### What to work on
Find out how many lines in the records have the string "tfun" in them, and state only that number.

(Recorded data)

=== Begin Enclosure ===

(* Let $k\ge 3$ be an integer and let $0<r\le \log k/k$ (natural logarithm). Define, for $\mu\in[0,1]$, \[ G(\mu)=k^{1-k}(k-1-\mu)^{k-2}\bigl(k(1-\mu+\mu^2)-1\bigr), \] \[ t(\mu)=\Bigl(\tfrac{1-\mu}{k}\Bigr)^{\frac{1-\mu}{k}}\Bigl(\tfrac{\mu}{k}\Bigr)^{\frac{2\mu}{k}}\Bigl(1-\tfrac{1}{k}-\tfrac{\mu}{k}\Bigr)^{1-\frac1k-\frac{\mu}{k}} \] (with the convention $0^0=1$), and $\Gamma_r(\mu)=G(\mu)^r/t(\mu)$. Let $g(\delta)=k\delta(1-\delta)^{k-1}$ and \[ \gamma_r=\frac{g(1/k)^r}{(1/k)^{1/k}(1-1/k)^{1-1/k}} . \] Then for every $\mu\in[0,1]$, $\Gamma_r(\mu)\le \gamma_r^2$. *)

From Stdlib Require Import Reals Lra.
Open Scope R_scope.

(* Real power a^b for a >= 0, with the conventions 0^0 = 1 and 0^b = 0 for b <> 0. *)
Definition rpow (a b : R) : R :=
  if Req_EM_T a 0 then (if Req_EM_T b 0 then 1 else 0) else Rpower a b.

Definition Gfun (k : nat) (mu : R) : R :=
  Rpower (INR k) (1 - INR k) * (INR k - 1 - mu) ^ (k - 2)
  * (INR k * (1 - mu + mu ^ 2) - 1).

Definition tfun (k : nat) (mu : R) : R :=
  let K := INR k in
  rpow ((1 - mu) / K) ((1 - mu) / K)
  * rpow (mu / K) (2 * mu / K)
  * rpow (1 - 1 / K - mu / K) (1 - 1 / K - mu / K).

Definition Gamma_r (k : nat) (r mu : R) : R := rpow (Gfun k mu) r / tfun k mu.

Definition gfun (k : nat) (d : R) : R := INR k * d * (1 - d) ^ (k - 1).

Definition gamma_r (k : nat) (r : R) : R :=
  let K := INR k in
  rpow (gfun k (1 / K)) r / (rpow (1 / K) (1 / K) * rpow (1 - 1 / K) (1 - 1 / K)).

=== End Enclosure ===

### Solution to the problem
2